L'addio alla verde erba dei prati di Gigi Riva arrivò, non inatteso, il 9 aprile 1977. Su "La Stampa" del 10, di domenica, comparve il saluto di Giovanni Arpino
Que viva Riva! Salutiamolo alla messicana, visto che Gigi da Cagliari, Gigi da Leggiuno, insomma Giggirrivva, «bomber» massimo, rombo di tuono, «espada» del calcio azzurro, etc. etc. (durano più gli aggettivi che non l'esistenza) ha deciso di «lasciare». Salutiamolo alla messicana, perché proprio in Messico, sette anni fa, tra Pueblo e Toluca, il «goleador» patì una stagione difficilissima, contraddittoria, con lampi di potenza atletica ineguagliabile e smarrimenti di ogni genere, dettati dall'altitudine, il carattere, l'eccesso di responsabilità, l'insonnia.
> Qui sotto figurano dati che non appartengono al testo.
Lemma cut_flow_delta S a b t :
  cut_flow S (fun x y => t * ((x == a) && (y == b))%:R) =
  t * ((a \in S) != (b \in S))%:R.
Proof.
rewrite /cut_flow (bigD1 a) //= [X in _ + X]big1 => [|x /negbTE xa]; last first.
  by rewrite big1 // => y _; rewrite xa /= !mulr0.
rewrite addr0 (bigD1 b) //= [X in _ + X]big1 => [|y /negbTE yb].
  by rewrite !eqxx addr0 mulr1 mulrC.
by rewrite yb andbF !mulr0.
Qed.

Lemma coupling_cut_flow_ge mu nu pi S : coupling mu nu pi ->
  `|\sum_(x in S) mu x - \sum_(x in S) nu x| <= cut_flow S pi.
Proof.
case=> pi0 pi_mu pi_nu.
have -> : \sum_(x in S) mu x = \sum_a \sum_b (a \in S)%:R * pi a b.
  rewrite big_mkcond; apply: eq_bigr => a _; rewrite -mulr_sumr pi_mu.
  by case: (a \in S); rewrite ?mul1r ?mul0r.
have -> : \sum_(x in S) nu x = \sum_a \sum_b (b \in S)%:R * pi a b.
  rewrite [RHS]exchange_big big_mkcond; apply: eq_bigr => b _ /=.
  by rewrite -mulr_sumr pi_nu; case: (b \in S); rewrite ?mul1r ?mul0r.
rewrite -sumrB; under eq_bigr do rewrite -sumrB.
apply: le_trans (ler_norm_sum _ _ _) _; apply: ler_sum => a _.
apply: le_trans (ler_norm_sum _ _ _) _; apply: ler_sum => b _.
rewrite -mulrBl normrM (ger0_norm (pi0 a b)) ler_wpM2r //.
by case: (a \in S); case: (b \in S); rewrite /= ?subrr ?subr0 ?sub0r ?normrN ?normr0 ?normr1.
Qed.

Lemma coupling_add_delta mu nu pi a b t : 0 <= t ->
  coupling (fun x => mu x - t * (x == a)%:R) (fun y => nu y - t * (y == b)%:R) pi ->
  coupling mu nu (fun x y => pi x y + t * ((x == a) && (y == b))%:R).
Proof.
move=> t0 [pi0 pi_mu pi_nu]; split.
- by move=> x y; rewrite addr_ge0 // mulr_ge0.
- move=> x; rewrite big_split /= pi_mu -mulr_sumr.
  case: (x =P a) => [->|_] /=; first by rewrite (@sumr_delta _ _ predT) mulr1 subrK.
  by rewrite big1 // mulr0 subr0 addr0.
- move=> y; rewrite big_split /= pi_nu -mulr_sumr.
  case: (y =P b) => [->|_] /=.
    by under eq_bigr do rewrite andbT; rewrite (@sumr_delta _ _ predT) mulr1 subrK.
  by rewrite big1 => [|x]; rewrite ?andbF // mulr0 subr0 addr0.
Qed.

End Couplings.

Section TightCoupling.
Variables (R : realFieldType) (N : nat) (I : finType) (G : I -> {set 'I_N}).
Hypothesis G_laminar : forall u v x, x \in G u -> x \in G v ->
  G u \subset G v \/ G v \subset G u.
Implicit Types (mu nu : 'I_N -> R) (pi : 'I_N -> 'I_N -> R).

Definition tight_coupling mu nu pi :=
  coupling mu nu pi /\
  forall v, cut_flow (G v) pi = `|\sum_(x in G v) mu x - \sum_(x in G v) nu x|.

Definition common_sets (p q : 'I_N) : {set I} := [set u | (p \in G u) && (q \in G u)].

Lemma common_setsC p q : common_sets p q = common_sets q p.
Proof. by apply/setP => u; rewrite !inE andbC. Qed.

Lemma common_sets_proper p q r v : p \in G v -> q \notin G v -> r \in G v ->
  common_sets p q \proper common_sets p r.
Proof.
move=> pv qv rv; apply/properP; split.
  apply/subsetP => u; rewrite !inE => /andP[pu qu]; rewrite pu /=.
  case: (G_laminar pu pv) => /subsetP sub; last exact: sub.
  by rewrite (sub q qu) in qv.
by exists v; rewrite !inE ?pv ?rv // (negbTE qv) andbF.
Qed.

(* The witness maximizes, over pairs of support points, the number of sets
   containing both. *)
Lemma exists_separated_pair mu nu a0 b0 : mu a0 != 0 -> nu b0 != 0 ->
  exists a, exists b, [/\ mu a != 0, nu b != 0,
    forall v, a \in G v -> b \notin G v -> {in G v, forall x, nu x = 0} &
    forall v, b \in G v -> a \notin G v -> {in G v, forall x, mu x = 0}].
Proof.
move=> mu_a0 nu_b0.
pose P (p : 'I_N * 'I_N) := (mu p.1 != 0) && (nu p.2 != 0).
have P0 : P (a0, b0) by rewrite /P mu_a0 nu_b0.
case: (arg_maxnP (fun p => #|common_sets p.1 p.2|) P0) => -[a b] /andP[/= mu_a nu_b] max_ab.
exists a, b; split=> // [v av bv | v bv av] x xv; apply/eqP; apply: contraT => x_supp.
  have := max_ab (a, x); rewrite /P /= mu_a x_supp => /(_ isT).
  by rewrite leqNgt (proper_card (common_sets_proper av bv xv)).
have := max_ab (x, b); rewrite /P /= nu_b x_supp => /(_ isT).
by rewrite /= ![common_sets _ b]common_setsC leqNgt (proper_card (common_sets_proper bv av xv)).
Qed.
Theorem mainTheorem7 (Iij Ijk Iki : R) (hij : 0 <= Iij) (hjk : 0 <= Ijk) (hki : 0 <= Iki) :
  (forall r, pos3 r -> pos3 (rhoH Iij Ijk Iki r)) /\
  (forall r s, pos3 r -> pos3 s -> rhoH Iij Ijk Iki r = rhoH Iij Ijk Iki s -> r = s) /\
  smooth_embedding3 (rhoH Iij Ijk Iki).
Proof.
  change (rhoH Iij Ijk Iki) with (cyclic_map (edge_len Iij) (edge_len Ijk) (edge_len Iki)).
  assert (P1 := edge_len_positive_partials Iij hij).
  assert (P2 := edge_len_positive_partials Ijk hjk).
  assert (P3 := edge_len_positive_partials Iki hki).
  assert (Hinv : inverse_continuous3 (cyclic_map (edge_len Iij) (edge_len Ijk) (edge_len Iki)))
    by (apply cyclic_inverse_continuous;
        eauto using positive_partials_increasing, positive_partials_continuous_l).
  assert (Hinj := inverse_continuous3_injective _ Hinv).
  destruct (cyclic_map_smooth (edge_len Iij) (edge_len Ijk) (edge_len Iki)) as [S1 [S2 S3]];
    try apply edge_len_preserves_smooth; try assumption.
  split; [|split; [exact Hinj|]].
  - intros [[a b] c] [Ha [Hb Hc]]. repeat split; apply edge_len_pos; assumption.
  - repeat split; try assumption. exact (cyclic_immersion _ _ _ _ _ _ _ _ _ P1 P2 P3).
Qed.
Lemma odd_outdeg_of_cycle n (A : 'M['F_2]_n) (c : seq 'I_n) :
  zero_diag A -> path.cycle (adj A) c -> c != [::] ->
  exists2 C : {set 'I_n}, C != set0 & odd_outdeg A C.
Proof.
move=> zero_diag_A; have adj_irr x : adj A x x = false.
  by rewrite /adj (eqP (forallP zero_diag_A x)).
elim: {c}(size c) {-2}c (leqnn (size c)) => [|m IH] c.
  by rewrite leqn0 size_eq0 => ->.
move=> size_c cycle_c c_nil; pose C := [set k in c].
have [odd_C | /forall_inPn [x]] := boolP (odd_outdeg A C).
  exists C => //; apply/set0Pn; case: c c_nil @C {size_c cycle_c odd_C} => // a c _.
  by exists a; rewrite inE mem_head.
rewrite inE => /rot_to [i q rot_c] sum_x.
have mem_C k : (k \in C) = (k \in x :: q) by rewrite inE -rot_c mem_rot.
have size_xq : size (x :: q) = size c by rewrite -rot_c size_rot.
have : path.cycle (adj A) (x :: q) by rewrite -rot_c rot_cycle.
clear rot_c; case: q mem_C size_xq => [|nx q] mem_C size_xq.
  by rewrite /= adj_irr.
move=> cycle_xq; have /andP [Axnx _] := cycle_xq.
have [k kC /andP [k_nx Axk]] : exists2 k, k \in C & (k != nx) && adj A x k.
  apply/exists_inP; apply: contraR sum_x => /exists_inPn other_k.
  have nxC : nx \in C by rewrite mem_C !inE eqxx orbT.
  rewrite (bigD1 nx) //= (eqP Axnx) big1 ?addr0 // => k /andP [kC k_nx].
  have := other_k k kC; rewrite k_nx /adj /=.
  by case: (F2_eq0_or_eq1 (A x k)) => ->.
have k_q : k \in q.
  move: kC; rewrite mem_C !inE (negbTE k_nx) /=.
  by move: Axk; have [-> | //] := eqVneq k x; rewrite adj_irr.
move: cycle_xq size_xq; case/splitPr: k_q => q1 q2 cycle_xq size_xq.
apply: (IH (x :: k :: q2)) => //; last exact: (@cycle_shortcut _ _ x (nx :: q1)) Axk.
by move: size_c; rewrite -size_xq /= size_cat /=; lia.
Qed.

Lemma acyclic_of_perfect n (A : 'M['F_2]_n) :
  zero_diag A -> perfect A -> acyclic (adj A).
Proof.
move=> zero_diag_A perfect_A x y Axy; apply/negP => /connectP [p path_p x_last].
have cycle_yp : path.cycle (adj A) (y :: p) by rewrite /= rcons_path path_p -x_last.
have [C C_nonempty odd_C] := odd_outdeg_of_cycle zero_diag_A cycle_yp isT.
exact: not_perfect_of_odd_outdeg odd_C C_nonempty perfect_A.
Qed.

Theorem mainTheorem12 (n : nat) (A : 'M['F_2]_n) :
  (2 <= n)%N -> zero_diag A -> (perfect A <-> bott_matrix A).
Proof.
move=> _ zero_diag_A; split; last exact: perfect_of_bott.
by move=> perfect_A; apply/bott_of_acyclic/acyclic_of_perfect.
Qed.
Con sana sobrietà provinciale, Gigi dice addio al pallone giocato. Recentemente ha parlato di sé come «figura dirigenziale» ma senza nascondere dubbi, attriti societari, perplessità, e senza il can-can prodotto da altri celebri «colleghi» suoi, così astuti nel rimestare le carte dei loro club.
Va in pantofole l'ultimo autentico «eroe» della pedata patria: un uomo che galoppava verso l'area avversaria puntando gomiti d'acciaio nelle costole altrui (è il mestiere) trascinandosi sulle spalle almeno due marcatori, aggredendo l'aria. I suoi gol — basterebbe rivederli in sequenza rallentata - furono un prodigio di coordinazione e coraggio, di furia muscolare e di ispirazione, parola sacra che usiamo senza alcun falso pudore.
Due volte sacrificò le ossa alla pelota azzurra. Mai si lamentò. Non fece una piega nemmeno dopo l'ultimo, sciagurato «mondiale» a Stoccarda, dove solo la miopia tecnico-tattica dei «capataz» poteva impiegare un Riva ridotto a larva del guerriero che fu. Fedelmente, passò dalla A alla B, senza esitazioni. Accolse il tributo sardo come una culla del destino, senza smancerie e mai tradendo.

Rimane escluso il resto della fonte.